Geldof shrugged off the increasing number of
articles which have been critical of him personally in recent weeks –
for example over his call to sail boats across the channel to take
French people to the proposed Edinburgh protest.
“I can’t moan
about the press. The unfortunate reality is we’ve got to do ridiculous
things. I’ve got to engage in gigantism and grab the attention.”

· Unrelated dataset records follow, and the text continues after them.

(* Let $P=\{x\in\mathbb R^n : Ax=b,\ x\ge 0\}$ be a polyhedron in standard form, and let $$P_A=\{(y^+,y^-)\in\mathbb R^{2n} : A(y^+-y^-)=0,\ \|y^+\|_1+\|y^-\|_1=1,\ y^+,y^-\ge 0\}.$$ Let $S:=\{(y^+,y^-) : y^+_i=\max\{g_i,0\},\ y^-_i=\max\{-g_i,0\}\ (i\le n),\ g\in\mathcal C(A)\}$ and $T:=\{(y^+,y^-) : \text{for some } i\le n,\ y^+_i=y^-_i=1,\ y^+_j=y^-_j=0\ (j\ne i)\}$. Then there is a subset $T'\subseteq T$ with $|T'|\le n$ such that $S\cup T'$ generates the extreme rays of the cone $\{(y^+,y^-): A(y^+-y^-)=0,\ y^\pm\ge0\}$, and the vertex set of $P_A$ is $S_1\cup T'_1$, where $S_1$ and $T'_1$ consist of the vectors $r/(\|y^+\|_1+\|y^-\|_1)$ for $r=(y^+,y^-)$ in $S$ and in $T'$ respectively.
   Context: $\mathcal C(A)$ denotes the set of circuits of the standard form polyhedron: all $g\in\ker(A)\setminus\{0\}$, normalized to coprime integer components, that are support-minimal in $\ker(A)\setminus\{0\}$ (no $x\in\ker(A)\setminus\{0\}$ has $\operatorname{supp}(x)\subsetneq\operatorname{supp}(g)$). *)

From HB Require Import structures.
From mathcomp Require Import all_boot all_order all_algebra.
Set Implicit Arguments. Unset Strict Implicit. Unset Printing Implicit Defensive.
Import Order.TTheory GRing.Theory Num.Theory.
Local Open Scope ring_scope.

Section Defs.
Variables (R : realFieldType) (m n : nat) (A : 'M[rat]_(m, n)).

Definition AR : 'M[R]_(m, n) := map_mx (fun q : rat => ratr q) A.

Definition supp (x : 'cV[R]_n) : {set 'I_n} := [set i | x i 0 != 0].

Definition is_circuit (g : 'cV[int]_n) : Prop :=
  let gR := map_mx (fun z : int => z%:~R) g : 'cV[R]_n in
  [/\ gR != 0, AR *m gR = 0,
      (forall d : int, (forall i, g i 0 \in dvdz d) -> d = 1 \/ d = -1) &
      ~ (exists x : 'cV[R]_n, [/\ x != 0, AR *m x = 0 & supp x \proper supp gR])].

(* points of R^{2n} are column vectors col_mx y+ y- *)
Definition yplus (y : 'cV[R]_(n + n)) : 'cV[R]_n := usubmx y.
Definition yminus (y : 'cV[R]_(n + n)) : 'cV[R]_n := dsubmx y.

Definition l1 (x : 'cV[R]_n) : R := \sum_i `|x i 0|.
Definition l1pm (y : 'cV[R]_(n + n)) : R := l1 (yplus y) + l1 (yminus y).

Definition cone_A (y : 'cV[R]_(n + n)) : Prop :=
  [/\ forall i, 0 <= yplus y i 0, forall i, 0 <= yminus y i 0 &
      AR *m (yplus y - yminus y) = 0].

Definition P_A (y : 'cV[R]_(n + n)) : Prop := cone_A y /\ l1pm y = 1.

Definition S_set (y : 'cV[R]_(n + n)) : Prop :=
  exists g, is_circuit g /\
    y = col_mx (\col_i Num.max ((g i 0)%:~R) 0) (\col_i Num.max (- (g i 0)%:~R) 0).

Definition T_elt (i : 'I_n) : 'cV[R]_(n + n) :=
  col_mx (\col_j (j == i)%:R) (\col_j (j == i)%:R).

Definition T_set (y : 'cV[R]_(n + n)) : Prop := exists i, y = T_elt i.

Definition normalized (X : 'cV[R]_(n + n) -> Prop) (x : 'cV[R]_(n + n)) : Prop :=
  exists2 r, X r & x = (l1pm r)^-1 *: r.

Definition extreme_ray (K : 'cV[R]_(n + n) -> Prop) (r : 'cV[R]_(n + n)) : Prop :=
  [/\ K r, r != 0 &
      forall u v, K u -> K v -> r = u + v -> exists2 c : R, 0 <= c & u = c *: r].

Definition generates_extreme_rays (K G : 'cV[R]_(n + n) -> Prop) : Prop :=
  (forall r, G r -> extreme_ray K r) /\
  (forall r, extreme_ray K r -> exists2 g, G g & exists2 c : R, 0 < c & r = c *: g).

Definition vertex (P : 'cV[R]_(n + n) -> Prop) (x : 'cV[R]_(n + n)) : Prop :=
  P x /\ forall y z (l : R), P y -> P z -> 0 < l < 1 ->
    x = l *: y + (1 - l) *: z -> y = z.

End Defs.

(* An extreme ray of K = {(y+, y-) >= 0 : A (y+ - y-) = 0} either has an index i with
   y+_i, y-_i > 0, and then subtracting a multiple of (e_i, e_i) shows that it is the ray
   of (e_i, e_i), which is extreme exactly when the i-th column of A is nonzero; or its
   two halves have disjoint supports, so that it is (g+, g-) for the kernel vector
   g = y+ - y-.  In the second case extremality is equivalent to support-minimality of g:
   a kernel vector h with smaller support lets one move g to g +- e h without changing
   any sign, exhibiting (g+, g-) as a midpoint, while conversely any splitting of
   (g+, g-) inside K yields a kernel vector supported in supp g.  Support-minimal real
   kernel vectors of a rational matrix are multiples of rational ones, hence, after
   clearing denominators and dividing by the gcd of the entries, of circuits.  Finally,
   the vertices of P_A, the section of K by the l1-norm, are the normalized extreme
   rays of K. *)

From HB Require Import structures.
From mathcomp Require Import all_boot all_order all_algebra.
From mathcomp Require Import ring lra.
Import Order.TTheory GRing.Theory Num.Theory.
Local Open Scope ring_scope.
Set Implicit Arguments.
Unset Strict Implicit.

Lemma maxr0D (R : realDomainType) (a b : R) : 0 <= a * b ->
  Num.max (a + b) 0 = Num.max a 0 + Num.max b 0.
Proof.
have [a0|a0] := lerP 0 a; have [b0|b0] := lerP 0 b => ab.
- by rewrite max_l ?addr_ge0.
- have -> : a = 0 by apply/le_anti; rewrite a0 -(nmulr_rge0 _ b0) mulrC ab.
  by rewrite !add0r (max_r (ltW b0)).
- have -> : b = 0 by apply/le_anti; rewrite b0 -(nmulr_rge0 _ a0) ab.
  by rewrite !addr0 (max_r (ltW a0)).
- by rewrite addr0 max_r // ltW // -(addr0 0) ltrD.
Qed.

Lemma maxr0_subN (R : realDomainType) (a : R) : Num.max a 0 - Num.max (- a) 0 = a.
Proof.
have [a0|a0] := lerP 0 a.
  by rewrite max_r ?oppr_le0 // subr0.
by rewrite max_l ?oppr_ge0 ?ltW // sub0r opprK.
Qed.

Lemma maxr0_mulN (R : realDomainType) (a : R) : Num.max a 0 * Num.max (- a) 0 = 0.
Proof.
have [a0|a0] := lerP 0 a; last by rewrite mul0r.
by rewrite max_r ?mulr0 // oppr_le0.
Qed.

Lemma maxr0_sub (R : realDomainType) (a b : R) : 0 <= a -> 0 <= b -> a * b = 0 ->
  Num.max (a - b) 0 = a /\ Num.max (- (a - b)) 0 = b.
Proof.
move=> a0 b0 /eqP; rewrite mulf_eq0 => /orP[]/eqP->.
  by rewrite sub0r opprK; split; [apply: max_r; rewrite oppr_le0 | apply: max_l].
by rewrite subr0; split; [apply: max_l | apply: max_r; rewrite oppr_le0].
Qed.

Lemma mulr_addsub_ge0 (R : realDomainType) (a b : R) :
  `|b| <= `|a| -> 0 <= (a + b) * (a - b).
Proof.
have [a0|a0] := lerP 0 a.
  by rewrite (ger0_norm a0) ler_norml => /andP[? ?]; rewrite mulr_ge0 //; lra.
by rewrite (ltr0_norm a0) ler_norml => /andP[? ?]; rewrite mulr_le0 //; lra.
Qed.

Section PositiveNegativeParts.
Variables (R : realDomainType) (n : nat).
Implicit Types (g h p q : 'cV[R]_n).

Definition posv g : 'cV[R]_n := \col_i Num.max (g i 0) 0.
Definition negv g : 'cV[R]_n := posv (- g).
Definition pm g : 'cV[R]_(n + n) := col_mx (posv g) (negv g).

Definition conformal g h := forall i, 0 <= g i 0 * h i 0.

Lemma posv_ge0 g i : 0 <= posv g i 0.
Proof. by rewrite mxE le_max lexx orbT. Qed.

Lemma posv_negv g : posv g - negv g = g.
Proof. by apply/colP => i; rewrite !mxE maxr0_subN. Qed.

Lemma posvZ c g : 0 <= c -> posv (c *: g) = c *: posv g.
Proof. by move=> c0; apply/colP => i; rewrite !mxE maxr_pMr // mulr0. Qed.

Lemma negvZ c g : 0 <= c -> negv (c *: g) = c *: negv g.
Proof. by move=> c0; rewrite /negv -scalerN posvZ. Qed.

Lemma pmZ c g : 0 <= c -> pm (c *: g) = c *: pm g.
Proof. by move=> c0; rewrite /pm posvZ // negvZ // scale_col_mx. Qed.

Lemma pm0 : pm 0 = 0.
Proof. by rewrite -(scale0r (0 : 'cV[R]_n)) pmZ // scale0r. Qed.

Lemma pm_eq0 g : (pm g == 0) = (g == 0).
Proof.
apply/eqP/eqP => [|->]; last exact: pm0.
move/eqP; rewrite col_mx_eq0 => /andP[/eqP p0 /eqP n0].
by rewrite -(posv_negv g) p0 n0 subr0.
Qed.

Lemma posvD g h : conformal g h -> posv (g + h) = posv g + posv h.
Proof. by move=> gh; apply/colP => i; rewrite !mxE maxr0D. Qed.

Lemma negvD g h : conformal g h -> negv (g + h) = negv g + negv h.
Proof. by move=> gh; rewrite /negv opprD posvD // => i; rewrite !mxE mulrNN. Qed.

Lemma pmD g h : conformal g h -> pm (g + h) = pm g + pm h.
Proof. by move=> gh; rewrite /pm posvD // negvD // add_col_mx. Qed.

Lemma pmZ_inj a b g h : a *: pm g = b *: pm h -> a *: g = b *: h.
Proof.
rewrite !scale_col_mx => /eq_col_mx[Ep En].
by rewrite -(posv_negv g) -(posv_negv h) !scalerBr Ep En.
Qed.

Lemma posv_mul_negv g i : posv g i 0 * negv g i 0 = 0.
Proof. by rewrite !mxE maxr0_mulN. Qed.

Lemma pm_sub p q : (forall i, 0 <= p i 0) -> (forall i, 0 <= q i 0) ->
  (forall i, p i 0 * q i 0 = 0) -> pm (p - q) = col_mx p q.
Proof.
move=> p0 q0 pq; have E i := maxr0_sub (p0 i) (q0 i) (pq i).
by congr col_mx; apply/colP => i; rewrite !mxE; case: (E i).
Qed.

End PositiveNegativeParts.

Lemma small_multiple (R : realFieldType) n (g x : 'cV[R]_n) :
  supp x \subset supp g -> exists2 e : R, 0 < e & forall i, `|e * x i 0| <= `|g i 0|.
Proof.
move=> sxg; pose e := \big[Num.min/1]_(i | x i 0 != 0) (`|g i 0| / `|x i 0|).
have xg i : x i 0 != 0 -> g i 0 != 0.
  by move=> xi; have := subsetP sxg i; rewrite !inE; apply.
have e_gt0 : 0 < e.
  apply: (big_ind (fun y => 0 < y)) => // [y z y0 z0|i xi]; first by rewrite lt_min y0.
  by rewrite divr_gt0 // normr_gt0 // xg.
exists e => // i; have [->|xi] := eqVneq (x i 0) 0; first by rewrite mulr0 normr0.
by rewrite normrM gtr0_norm // -ler_pdivlMr ?normr_gt0 //; exact: bigmin_le_cond.
Qed.

Section KernelCone.
Variables (R : realFieldType) (m n : nat) (A : 'M[rat]_(m, n)).
Local Notation AR := (AR R A).
Local Notation K := (cone_A A).
Implicit Types (g p q : 'cV[R]_n) (r u v x y : 'cV[R]_(n + n)).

He feels the personal criticism is all “grist for the mill”, adding: “They may say ‘he’s a wanker, but hold on there’s a point’.
The
important thing is that we are having an argument about the poorest
people on the planet. Of course that criticism is going to happen, we
just keep it rolling.
But clearly it’s keeping the pressure on
and it is working. Europe have said they will double aid to Africa,
it’s what the Africa Commission called for and they said ‘yes we’ll do
it’.”
Geldof said: “Journalists must find it weird that something
as dry as trade injustice, Third World debt and aid flows are the story
du jour. But what’s happened is each paper has found its own way of
doing it, like The Sun sending a guy to walk to Edinburgh, or the
middle papers finding lots of criticism for individuals but coming out
in support of an essential issue like reforming the CAP – which across
the board everybody knows is economically illiterate and politically
stupid.
“We are on the side of history but we’ve got to make sure that 8 July actually becomes historic.”
Responding
to press commentators who have condemned his proposals on Africa as
unworkable in the face of African government corruption he said: “This
is about debt, trade and aid in exchange for governance. I am
withering in my scorn for the columnists who say ‘it’s not going to
work’. Even if it doesn’t work, what do they propose? Every
night forever watching people live on TV dying on our screens?
“Is
it that we sit back and, as Enoch Powell once told me, ‘let them go to
hell in their own way’? Do we sit back and do nothing and just let
these people die?
That’s simply not viable – human beings will
not be able to take that. We have got a chance to build a strong
continent we can trade with rather than one that sinks into more decay
and death. Let’s try and focus on this plan and put it into action and
if that doesn’t work try another plan.”